* [EXERCISE DESCRIPTION]: Report each line from the listing that the string "true" appears in.

* [STUDY MATERIAL]:

(* Let $m,n$ be even positive integers and let $\mathcal{X}_0,\mathcal{X}_1\subseteq\{0,1\}^{2mn}$ be as defined in the context. Let $p$ be a real multilinear polynomial in $2mn$ variables such that $p(x)\neq 0$ for all $x\in\mathcal{X}_1$ and $p(x)=0$ for all $x\in\mathcal{X}_0$. Then $\deg(p)\geq \min(n/2,m/2)+1$.
   Context: For $z\in\{0,1\}^k$ let $w(z)$ denote its Hamming weight. Let $\mathcal{A}_1=\{0^m y : y\in\{0,1\}^m,\ m/2\le w(y)\le m\}$ and $\mathcal{A}_0=\{y0^m : y\in\{0,1\}^m,\ m/2\le w(y)\le m\}$ (subsets of $\{0,1\}^{2m}$). A string $x\in\{0,1\}^{2mn}$ is viewed as $n$ consecutive blocks of $2m$ bits, each block being $x^{(0,i)}x^{(1,i)}$ with $x^{(0,i)},x^{(1,i)}\in\{0,1\}^m$, $i=1,\dots,n$. Define $\mathcal{X}_1=\mathcal{A}_0\times\cdots\times\mathcal{A}_0$ ($n$ factors) and $\mathcal{X}_0=\bigcup\{\mathcal{A}_{y_1}\times\cdots\times\mathcal{A}_{y_n} : y\in\{0,1\}^n,\ w(y)=n/2\}$. A multilinear polynomial is $p(x)=\sum_{S\subseteq[N]}a_S\prod_{i\in S}x_i$ with real $a_S$; its degree is $\max\{|S|: a_S\neq 0\}$. *)

From HB Require Import structures.
From mathcomp Require Import all_boot all_order all_algebra.
From mathcomp Require Import reals.
Set Implicit Arguments. Unset Strict Implicit. Unset Printing Implicit Defensive.
Import Order.TTheory GRing.Theory Num.Theory.
Local Open Scope ring_scope.

(* A real multilinear polynomial in N variables x_0..x_{N-1}: its coefficient
   family a_S, S ranging over subsets of 'I_N. *)
Definition mlpoly (R : realType) (N : nat) := {ffun {set 'I_N} -> R}.

Definition mleval (R : realType) (N : nat) (p : mlpoly R N) (x : 'I_N -> bool) : R :=
  \sum_(S : {set 'I_N}) p S * \prod_(i in S) (if x i then 1 else 0).

(* degree = max |S| with a_S <> 0 (0 for the zero polynomial) *)
Definition mldeg (R : realType) (N : nat) (p : mlpoly R N) : nat :=
  \max_(S : {set 'I_N} | p S != 0%R) #|S|%N.

Definition bitn (N : nat) (x : 'I_N -> bool) (k : nat) : bool :=
  [exists i : 'I_N, (val i == k) && x i].

(* Blocks i = 0..n-1 (paper's i = 1..n) of 2m bits: block i is
   x^(0,i) x^(1,i); x^(0,i)_j = bit 2mi+j, x^(1,i)_j = bit 2mi+m+j (j<m). *)
Definition w0 (m N : nat) (x : 'I_N -> bool) (i : nat) : nat :=
  (\sum_(j < m) bitn x (2 * m * i + j))%N.
Definition w1 (m N : nat) (x : 'I_N -> bool) (i : nat) : nat :=
  (\sum_(j < m) bitn x (2 * m * i + m + j))%N.

(* block i of x lies in A_b :
   A_1 = {0^m y : m/2 <= w(y) <= m},  A_0 = {y 0^m : m/2 <= w(y) <= m}. *)
Definition inA (m N : nat) (b : bool) (x : 'I_N -> bool) (i : nat) : bool :=
  if b then ((w0 m x i == 0) && (m <= 2 * w1 m x i) && (w1 m x i <= m))%N
  else ((w1 m x i == 0) && (m <= 2 * w0 m x i) && (w0 m x i <= m))%N.

Definition inX1 (m n : nat) (x : 'I_(2 * m * n) -> bool) : Prop :=
  forall i : 'I_n, inA m false x i.

Definition inX0 (m n : nat) (x : 'I_(2 * m * n) -> bool) : Prop :=
  exists y : 'I_n -> bool,
    (2 * #|[set i : 'I_n | y i]|)%N = n /\ forall i : 'I_n, inA m (y i) x i.
Arguments inX1 : clear implicits.
Arguments inX0 : clear implicits.

From mathcomp Require Import all_boot all_order all_algebra.
From mathcomp Require Import reals.
From mathcomp Require Import zify.
Set Implicit Arguments. Unset Strict Implicit. Unset Printing Implicit Defensive.
Import Order.TTheory GRing.Theory Num.Theory.

(* If [deg p < |A|], every monomial of [p] misses some position [t] of [A], so
   the signed sum of [p] over all ways of overwriting a subset of [A] with a
   fixed bit cancels in pairs [B], [B xor {t}].  Hence [p] vanishes at [x] as
   soon as it vanishes at every point obtained by overwriting a nonempty set of
   positions where [x] differs from that bit, which sets up a descent.
   Turning zeros into ones, [p] vanishes at every point supported on the halves
   x^(y_i, i) of a balanced [y]: the descent stops in X_0 once at most m/2 zeros
   remain there.  Turning ones into zeros, [p] vanishes at every point supported
   on the halves x^(0, i): the descent stops once at most n/2 blocks are nonzero,
   and then a balanced [y] avoiding them reduces to the previous case.  The
   point of X_1 that is all ones on these halves contradicts [p <> 0] on X_1. *)

Section SignedSums.
Local Open Scope ring_scope.

Lemma sum_signed_subsets_eq0 (R : numDomainType) (T : finType) (A : {set T})
    (t : T) (F : {set T} -> R) :
  t \in A -> (forall B, F (B :\ t) = F B) ->
  \sum_(B : {set T} | B \subset A) (-1) ^+ #|B| * F B = 0.
Proof.
move=> tA Ft.
pose tog (B : {set T}) := if t \in B then B :\ t else t |: B.
have togK : involutive tog.
  move=> B; rewrite /tog; case: (boolP (t \in B)) => tB.
    by rewrite setD11 setD1K.
  by rewrite setU11 setU1K.
have subA_tog B : (tog B \subset A) = (B \subset A).
  rewrite /tog; case: (boolP (t \in B)) => tB.
    by rewrite subDset (setUidPr _) // sub1set.
  by rewrite subUset sub1set tA.
have sign_tog B : (-1) ^+ #|tog B| * F (tog B) = - ((-1) ^+ #|B| * F B) :> R.
  rewrite /tog; case: (boolP (t \in B)) => tB.
    by rewrite Ft (cardsD1 t B) tB add1n exprS mulN1r mulNr opprK.
  by rewrite -[F (t |: B)]Ft setU1K // cardsU1 tB add1n exprS mulN1r mulNr.
set S := \sum_(B | _) _.
have : S = \sum_(B : {set T} | B \subset A) - ((-1) ^+ #|B| * F B).
  rewrite /S (reindex_inj (inv_inj togK)).
  by apply: eq_big => [B | B _]; rewrite ?subA_tog ?sign_tog.
by rewrite sumrN => /eqP; rewrite -subr_eq0 opprK -mulr2n mulrn_eq0 => /eqP.
Qed.

End SignedSums.

Definition setbits (N : nat) (x : 'I_N -> bool) (B : {set 'I_N}) (v : bool) :
    'I_N -> bool :=
  fun k => if k \in B then v else x k.

Section MultilinearFlips.
Variables (R : realType) (N : nat) (p : mlpoly R N).
Local Open Scope ring_scope.

Lemma eq_mleval (x x' : 'I_N -> bool) : x =1 x' -> mleval p x = mleval p x'.
Proof.
by move=> xx'; apply: eq_bigr => S _; congr (_ * _); apply: eq_bigr => k _; rewrite xx'.
Qed.

Lemma sum_signed_setbits_eq0 (x : 'I_N -> bool) (A : {set 'I_N}) (v : bool) :
  (mldeg p < #|A|)%N ->
  \sum_(B : {set 'I_N} | B \subset A) (-1) ^+ #|B| * mleval p (setbits x B v) = 0.
Proof.
move=> degA; rewrite /mleval.
under eq_bigr => B _ do rewrite big_distrr /=.
rewrite exchange_big /=; apply: big1 => S _.
have [->|pS] := eqVneq (p S) 0.
  by apply: big1 => B _; rewrite mul0r mulr0.
have /subsetPn [t tA tS] : ~~ (A \subset S).
  apply: contraTN degA => /subset_leq_card AS; rewrite -leqNgt.
  apply: leq_trans AS _; rewrite /mldeg; exact: leq_bigmax_cond.
apply: (sum_signed_subsets_eq0 (t := t)) => // B.
congr (_ * _); apply: eq_bigr => k kS; rewrite /setbits !inE.
by rewrite (_ : (k != t) = true) //; apply: contraNneq tS => <-.
Qed.

Lemma mleval_eq0_of_setbits (x : 'I_N -> bool) (A : {set 'I_N}) (v : bool) :
  (mldeg p < #|A|)%N ->
  (forall B : {set 'I_N}, B \subset A -> B != set0 -> mleval p (setbits x B v) = 0) ->
  mleval p x = 0.
Proof.
move=> degA p0; have := sum_signed_setbits_eq0 x v degA.
rewrite (bigD1 set0) ?sub0set //= big1 ?addr0 => [|B /andP[BA B0]]; last first.
  by rewrite p0 ?mulr0.
rewrite cards0 expr0 mul1r => <-; apply: eq_mleval => k.
by rewrite /setbits inE.
Qed.

Lemma mleval_eq0_descent (U : {set 'I_N}) (v : bool)
    (Q : ('I_N -> bool) -> Prop) :
  (forall x (B : {set 'I_N}), Q x -> B \subset U -> Q (setbits x B v)) ->
  (forall x, Q x -> (#|[set k in U | x k != v]| <= mldeg p)%N -> mleval p x = 0) ->
  forall x, Q x -> mleval p x = 0.
Proof.
move=> QU base x; have [K] := ubnP #|[set k in U | x k != v]|.
elim: K x => // K IH x; rewrite ltnS => leK Qx.
set A := [set k in U | x k != v].
have [/(base x Qx)//|degA] := leqP #|A| (mldeg p).
apply: (mleval_eq0_of_setbits (v := v) degA) => B BA B0; apply: IH.
  have -> : [set k in U | setbits x B v k != v] = A :\: B.
    by apply/setP => k; rewrite !inE /setbits; case: (k \in B); rewrite ?eqxx ?andbF.
  rewrite cardsD (setIidPr BA); have := subset_leq_card BA.
  by move: leK B0; rewrite -/A -card_gt0; lia.
by apply: QU => //; apply: subset_trans BA _; apply/subsetP => k; rewrite inE => /andP[].
Qed.

End MultilinearFlips.

Lemma sum_bitn_card (N m : nat) (x : 'I_N -> bool) (hb : nat) : 0 < m ->
  \sum_(j < m) bitn x (hb * m + j) = #|[set k : 'I_N | (k %/ m == hb) && x k]|.
Proof.
move=> m_gt0; set S := [set k : 'I_N | _].
pose res (k : 'I_N) : 'I_m := Ordinal (ltn_pmod k m_gt0).
have resK : {in S, forall k, hb * m + res k = k :> nat}.
  by move=> k; rewrite inE => /andP[/eqP <- _] /=; rewrite -divn_eq.
rewrite -(card_in_imset (f := res)); last first.
  by move=> k k' kS k'S ekk'; apply/val_inj => /=; rewrite -(resK k) // -(resK k') // ekk'.
rewrite -sum1_card [RHS]big_mkcond /=; apply: eq_bigr => j _.
have -> : (j \in res @: S) = bitn x (hb * m + j).
  apply/imsetP/existsP => [[k kS ->]|[k /andP[/eqP ek xk]]].
    by exists k; rewrite resK // eqxx; move: kS; rewrite inE => /andP[].
  exists k; last by apply/val_inj; rewrite /= ek modnMDl modn_small.
  by rewrite inE xk andbT /= ek divnMDl // divn_small ?addn0.
by case: bitn.
Qed.

Section Blocks.
Variables m n : nat.
Hypothesis m_gt0 : 0 < m.
Local Notation N := (2 * m * n).

(* Half-block [2 i] is x^(0, i) and half-block [2 i + 1] is x^(1, i). *)
Definition hblock (hb : nat) : {set 'I_N} := [set k : 'I_N | k %/ m == hb].

Definition hweight (x : 'I_N -> bool) (hb : nat) : nat := #|[set k in hblock hb | x k]|.

Lemma hweightE x hb : hweight x hb = \sum_(j < m) bitn x (hb * m + j).
Proof.
by rewrite (sum_bitn_card _ _ m_gt0); apply: eq_card => k; rewrite !inE.
Qed.

Lemma w0E x i : w0 m x i = hweight x (2 * i).
Proof. by rewrite hweightE /w0 (mulnAC 2 i m). Qed.

Lemma w1E x i : w1 m x i = hweight x (2 * i + 1).
Proof. by rewrite hweightE /w1 mulnDl mul1n (mulnAC 2 i m). Qed.

Lemma card_hblock hb : hb < 2 * n -> #|hblock hb| = m.
Proof.
move=> hb_lt; have := hweightE xpredT hb; rewrite /hweight.
have -> : [set k in hblock hb | xpredT k] = hblock hb by apply/setP => k; rewrite inE andbT.
move=> ->; rewrite (eq_bigr (fun=> 1)) ?sum1_card ?card_ord // => j _.
have lt_k : hb * m + j < N by have := ltn_ord j; nia.
suff -> : @bitn N xpredT (hb * m + j) by [].
by apply/existsP; exists (Ordinal lt_k); rewrite /= eqxx.
Qed.

Lemma hweight_le x hb : hb < 2 * n -> hweight x hb <= m.
Proof.
move=> hb_lt; rewrite -[X in _ <= X](card_hblock hb_lt); apply: subset_leq_card.
by apply/subsetP => k; rewrite inE => /andP[].
Qed.

Lemma hweight_zeros x hb :
  hb < 2 * n -> hweight x hb + #|[set k in hblock hb | ~~ x k]| = m.
Proof.
move=> hb_lt; rewrite -[RHS](card_hblock hb_lt) -(cardsID [set k | x k] (hblock hb)).
by rewrite /hweight; congr (_ + _); apply: eq_card => k; rewrite !inE // andbC.
Qed.

Lemma hweight_eq0 x hb : (hweight x hb == 0) = [forall k in hblock hb, ~~ x k].
Proof.
rewrite /hweight cards_eq0; apply/eqP/forall_inP => [A0 k kH | H].
  by apply/negP => xk; have := in_set0 k; rewrite -A0 inE kH xk.
by apply/setP => k; rewrite inE in_set0; apply/andP => -[kH xk]; move: (H k kH); rewrite xk.
Qed.

Lemma blk_subproof (k : 'I_N) : (k %/ m)./2 < n.
Proof. by rewrite -divn2 -divnMA ltn_divLR ?muln_gt0 ?m_gt0 //; have := ltn_ord k; lia. Qed.

Definition blk (k : 'I_N) : 'I_n := Ordinal (blk_subproof k).

Lemma mem_hblock (k : 'I_N) (i : 'I_n) (b : bool) :
  (k \in hblock (2 * i + b)) = (blk k == i) && (odd (k %/ m) == b).
Proof.
rewrite inE -val_eqE /= -[in LHS](odd_double_half (k %/ m)).
by case: (odd _) b => [] []; apply/eqP/andP; case; lia.
Qed.

(* The union of the halves x^(y_i, i), outside of which every point of
   A_{y_1} x ... x A_{y_n} vanishes. *)
Definition selected (y : 'I_n -> bool) : {set 'I_N} := [set k : 'I_N | odd (k %/ m) == y (blk k)].

Lemma inAE b x (i : 'I_n) :
  inA m b x i = [forall k in hblock (2 * i + ~~ b), ~~ x k] && (m <= 2 * hweight x (2 * i + b)).
Proof.
have lt_i : 2 * i + 1 < 2 * n by have := ltn_ord i; lia.
rewrite /inA w0E w1E; case: b; rewrite /= ?addn0 -hweight_eq0.
  by rewrite hweight_le ?andbT.
by rewrite hweight_le ?andbT //; lia.
Qed.

End Blocks.

Section LowerBound.
Variables (R : realType) (m n : nat).
Hypothesis m_gt0 : 0 < m.
Local Notation N := (2 * m * n).
Local Notation blk := (blk m_gt0).
Local Notation selected := (selected m_gt0).
Variable p : mlpoly R N.
Hypothesis p_X0 : forall x, inX0 m n x -> mleval p x = 0%R.

Lemma mleval_eq0_selected (y : 'I_n -> bool) :
  2 * #|[set i | y i]| = n -> mldeg p <= m./2 ->
  forall x : 'I_N -> bool, [set k | x k] \subset selected y -> mleval p x = 0%R.
Proof.
move=> y_half deg_le.
apply: (mleval_eq0_descent (U := selected y) (v := true)
  (Q := fun x : 'I_N -> bool => [set k | x k] \subset selected y))
  => [x B /subsetP x_y /subsetP B_y | x /subsetP x_y few0].
  by apply/subsetP => k; rewrite inE /setbits; case: ifP => [/B_y | _ xk] //; apply: x_y; rewrite inE.
apply: p_X0; exists y; split => // i; rewrite (inAE m_gt0); apply/andP; split.
  apply/forall_inP => k; rewrite (mem_hblock m_gt0) => /andP[/eqP<- /eqP odd_k].
  have : k \notin selected y by rewrite inE odd_k; case: (y _).
  by apply: contra => xk; apply: x_y; rewrite inE.
have lt_i : 2 * i + y i < 2 * n by have := ltn_ord i; case: (y i); lia.
have zeros_le : #|[set k in hblock m n (2 * i + y i) | ~~ x k]| <= m./2.
  apply: leq_trans (leq_trans _ few0) deg_le; apply: subset_leq_card.
  apply/subsetP => k /setIdP[]; rewrite (mem_hblock m_gt0) => /andP[/eqP<- odd_k] xk.
  by rewrite !inE odd_k (negbTE xk).
have := hweight_zeros m_gt0 x lt_i; have := odd_double_half m; lia.
Qed.

Lemma mleval_eq0_even : ~~ odd n -> mldeg p <= minn n./2 m./2 ->
  forall x : 'I_N -> bool, [set k | x k] \subset selected (fun=> false) -> mleval p x = 0%R.
Proof.
move=> n_even deg_le.
apply: (mleval_eq0_descent (U := setT) (v := false)
  (Q := fun x : 'I_N -> bool => [set k | x k] \subset selected (fun=> false)))
  => [x B /subsetP x_even _ | x /subsetP x_even few1].
  by apply/subsetP => k; rewrite inE /setbits; case: ifP => // _ xk; apply: x_even; rewrite inE.
pose busy := blk @: [set k | x k].
have busy_le : #|busy| <= n./2.
  apply: leq_trans (leq_imset_card _ _) (leq_trans _ (leq_trans deg_le (geq_minl _ _))).
  by apply: leq_trans _ few1; apply: subset_leq_card; apply/subsetP => k; rewrite !inE; case: (x k).
have : n./2 <= #|~: busy|.
  by have := cardsC busy; rewrite card_ord; have := odd_double_half n; lia.
case/card_geqP => s [s_uniq s_size s_idle].
apply: (mleval_eq0_selected (y := fun i => i \in s)).
- rewrite cardsE (card_uniqP s_uniq) s_size.
  by have := odd_double_half n; rewrite (negbTE n_even); lia.
- exact: leq_trans deg_le (geq_minr _ _).
apply/subsetP => k xk; have := x_even k xk; rewrite !inE => /eqP->.
have blk_busy : blk k \in busy by apply: imset_f.
by rewrite eq_sym eqbF_neg; apply/negP => /s_idle; rewrite inE blk_busy.
Qed.

End LowerBound.

Theorem lemma2 (R : realType) (m n : nat)
  (hm : (0 < m)%N) (hme : ~~ odd m) (hn : (0 < n)%N) (hne : ~~ odd n)
  (p : mlpoly R (2 * m * n))
  (h1 : forall x, inX1 m n x -> mleval p x <> 0%R)
  (h0 : forall x, inX0 m n x -> mleval p x = 0%R) :
  ((minn n./2 m./2).+1 <= mldeg p)%N.
Proof.
rewrite ltnNge; apply/negP => deg_le.
pose x1 (k : 'I_(2 * m * n)) := k \in selected hm (fun=> false).
apply: (h1 x1); last by apply: (mleval_eq0_even h0 hne deg_le); apply/subsetP => k; rewrite inE.
move=> i; rewrite (inAE hm); apply/andP; split.
  by apply/forall_inP => k; rewrite (mem_hblock hm) /x1 inE => /andP[_ /eqP->].
have lt_i : 2 * i + false < 2 * n by have := ltn_ord i; lia.
suff -> : hweight x1 (2 * i + false) = m by lia.
rewrite -[RHS](card_hblock hm lt_i); apply: eq_card => k.
by rewrite inE; apply: andb_idr; rewrite (mem_hblock hm) /x1 inE => /andP[_ /eqP->].
Qed.
Lemma A_bound : exists M, 0 <= M /\ forall X, HS X -> hs_nsq (A X) <= M * hs_nsq X.
Proof.
  destruct HA as (_ & _ & _ & _ & M & HM). exists (Rmax M 0). split; [apply Rmax_r|].
  intros X HX. eapply Rle_trans; [apply HM; auto|].
  apply Rmult_le_compat_r; [apply hs_nonneg; auto | apply Rmax_l].
Qed.

Lemma A_zero x : l2 x -> A op_zero x = vzero.
Proof.
  intros Hx.
  assert (Z : op_scal (RtoC 0) op_zero = op_zero).
  { apply functional_extensionality; intros y. apply functional_extensionality; intros k.
    unfold op_scal, op_zero, vscal, vzero; cfield. }
  rewrite <- Z, A_scal by (auto using HS_zero).
  apply functional_extensionality; intros; unfold vscal, vzero; cfield.
Qed.

Lemma A_sub X Y x : HS X -> HS Y -> l2 x -> A (op_sub X Y) x = vsub (A X x) (A Y x).
Proof.
  intros HX HY Hx. rewrite op_sub_op_add, A_add, A_scal, vsub_vadd; auto. apply HS_scal, HY.
Qed.

Lemma A_osum K F x : (forall k, (k < K)%nat -> HS (F k)) -> l2 x ->
  A (osum K F) x = vsum K (fun k => A (F k) x).
Proof.
  intros HF Hx. induction K as [|K IH]; simpl; [apply A_zero; auto|].
  change (osum (S K) F) with (op_add (osum K F) (F K)).
  rewrite A_add, IH; auto. apply HS_osum; auto.
Qed.

Lemma A_apply_dist M X Z x p : (forall X, HS X -> hs_nsq (A X) <= M * hs_nsq X) -> 0 <= M ->
  HS X -> HS Z -> l2 x ->
  Cnorm2 (Cminus (A X x p) (A Z x p)) <= 2 * nsq x * (M * hs_nsq (op_sub X Z)).
Proof.
  intros HM HM0 HX HZ Hx.
  destruct (HS_sub X Z HX HZ) as [Hs _].
  replace (Cminus (A X x p) (A Z x p)) with (A (op_sub X Z) x p) by (rewrite A_sub; auto).
  pose proof (A_HS _ Hs) as HAs.
  eapply Rle_trans; [apply (Cnorm2_Hb_apply_le _ (HS_Hb _ HAs) x p (HS_ex _ HAs) Hx)|].
  pose proof (nsq_nonneg x Hx). specialize (HM _ Hs). fold (hs_nsq (A (op_sub X Z))).
  rewrite <- Rmult_assoc. apply Rmult_le_compat_l; lra.
Qed.

(* Polarization: the quadratic form [<X, A X>_2] is real, tested at [X + Y] and [X + i Y]. *)
Lemma A_hermitian : is_nonneg HS ip2 A -> forall X Y, HS X -> HS Y ->
  ip2 X (A Y) = Cconj (ip2 Y (A X)).
Proof.
  intros Hpos X Y HX HY.
  pose proof (A_HS _ HX) as AX. pose proof (A_HS _ HY) as AY.
  destruct (HS_scal (0,1) Y HY) as [HiY _].
  pose proof (proj1 (HS_add X Y HX HY)) as HXY.
  pose proof (proj1 (HS_add X _ HX HiY)) as HXiY.
  destruct (Hpos _ HXY) as [I1 _]. destruct (Hpos _ HXiY) as [I2 _].
  destruct (Hpos _ HX) as [I3 _]. destruct (Hpos _ HY) as [I4 _].
  rewrite (ip2_ext_r _ _ (op_add (A X) (A Y))) in I1
    by (intros; apply A_add; auto using l2_e).
  rewrite (ip2_ext_r _ _ (op_add (A X) (op_scal (0,1) (A Y)))) in I2
    by (intros; rewrite A_add, A_scal; auto using l2_e).
  rewrite ip2_add_l, !ip2_add_r in I1 by (auto using Hbounded_op_add, HS_add; apply HS_add; auto).
  rewrite ip2_add_l, !ip2_add_r, !ip2_scal_l, !ip2_scal_r in I2
    by (auto; try apply HS_add; try apply HS_scal; auto).
  revert I1 I2 I3 I4.
  destruct (ip2 X (A X)) as [a1 a2], (ip2 X (A Y)) as [b1 b2],
    (ip2 Y (A X)) as [c1 c2], (ip2 Y (A Y)) as [d1 d2].
  unfold Cconj; simpl. intros. f_equal; lra.
Qed.

End S2BoundedOperator.

(* The operator whose only nonzero row is the m-th one, [(c 0, ..., c (J-1), 0, ...)]. *)
Definition rowsum (m : nat) (c : nat -> C) (J : nat) : op := osum J (fun j => op_scal (c j) (eps m j)).

Lemma HS_rowsum m c J : HS (rowsum m c J).
Proof. apply HS_osum. intros; apply HS_scal, HS_eps. Qed.

Lemma rowsum_apply m c J f : rowsum m c J f = vscal (csum J (fun j => Cmult (c j) (f j))) (e m).
Proof.
  apply functional_extensionality; intros i. unfold rowsum, osum, op_scal. rewrite vsum_apply.
  induction J as [|J IH]; simpl; [|rewrite IH, eps_apply]; unfold vscal, vadd; cfield.
Qed.

Lemma rowsum_e m c J k : rowsum m c J (e k) = vscal (if (k <? J)%nat then c k else RtoC 0) (e m).
Proof.
  rewrite rowsum_apply, (csum_single _ _ k).
  - rewrite e_eq. destruct (k <? J)%nat; f_equal; cfield.
  - intros j Hj. rewrite e_neq by auto. cfield.
Qed.

Lemma hs_nsq_rowsum m c J : hs_nsq (rowsum m c J) = rsum J (fun k => Cnorm2 (c k)).
Proof.
  unfold hs_nsq. rewrite (Series_finite _ J).
  - apply rsum_ext. intros k Hk.
    rewrite rowsum_e, nsq_vscal, nsq_e, (proj2 (Nat.ltb_lt k J)) by auto. ring.
  - intros k Hk. rewrite rowsum_e, nsq_vscal, (proj2 (Nat.ltb_ge k J)), Cnorm2_RtoC0 by auto. ring.
Qed.

Lemma hs_nsq_rowsum_sub m c J Z : (forall k, Z (e k) = vscal (c k) (e m)) ->
  hs_nsq (op_sub (rowsum m c J) Z) = Series (rtail J (fun k => Cnorm2 (c k))).
Proof.
  intros HZ. apply Series_ext. intros k. unfold op_sub. rewrite rowsum_e, HZ.
  replace (vsub (vscal (if (k <? J)%nat then c k else RtoC 0) (e m)) (vscal (c k) (e m)))
    with (vscal (if (k <? J)%nat then RtoC 0 else Copp (c k)) (e m)).
  - rewrite nsq_vscal, nsq_e, Rmult_1_r. unfold rtail.
    destruct (k <? J)%nat; [apply Cnorm2_RtoC0 | apply Cnorm2_Copp].
  - apply functional_extensionality; intros i; unfold vsub, vscal. destruct (k <? J)%nat; cfield.
Qed.

Section RowExpansion.
Variable A : op -> op.
Hypothesis HA : S2bounded A.

Lemma A_rowsum_apply m c J x p : l2 x ->
  A (rowsum m c J) x p = csum J (fun j => Cmult (c j) (A (eps m j) x p)).
Proof.
  intros Hx. unfold rowsum.
  rewrite (A_osum A HA), vsum_apply by (auto; intros; apply HS_scal, HS_eps).
  apply csum_ext. intros k _. rewrite A_scal; auto using HS_eps.
Qed.

(* [rowsum m c J] tends in S_2 to [Z], and [A] is continuous. *)
Lemma A_rowsum_Clim m c Z x p : HS Z -> (forall k, Z (e k) = vscal (c k) (e m)) ->
  ex_series (fun k => Cnorm2 (c k)) -> l2 x ->
  Clim (fun J => A (rowsum m c J) x p) (A Z x p).
Proof.
  intros HZ RZ Ec Hx.
  destruct (A_bound A HA) as (M & HM0 & HM).
  apply (Clim_of_le _ _ (fun J => 2 * nsq x * (M * Series (rtail J (fun k => Cnorm2 (c k)))))).
  - intros J. rewrite <- (hs_nsq_rowsum_sub m c J Z) by auto.
    apply (A_apply_dist A HA); auto using HS_rowsum.
  - do 2 apply is_lim_seq_scal_0. apply Series_rtail_vanishes, Ec.
Qed.

End RowExpansion.

(** * The coefficients a_nm *)

(* [alpha = (1-i)/2] and [beta = (1+i)/2] are the coefficients in [epshat]. *)
Definition alpha : C := (1/2, -(1/2)).
Definition beta : C := (1/2, 1/2).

* [RESPONSE TO THE EXERCISE]:
by rewrite (_ : (k != t) = true) //; apply: contraNneq tS => <-.
apply: (mleval_eq0_descent (U := selected y) (v := true)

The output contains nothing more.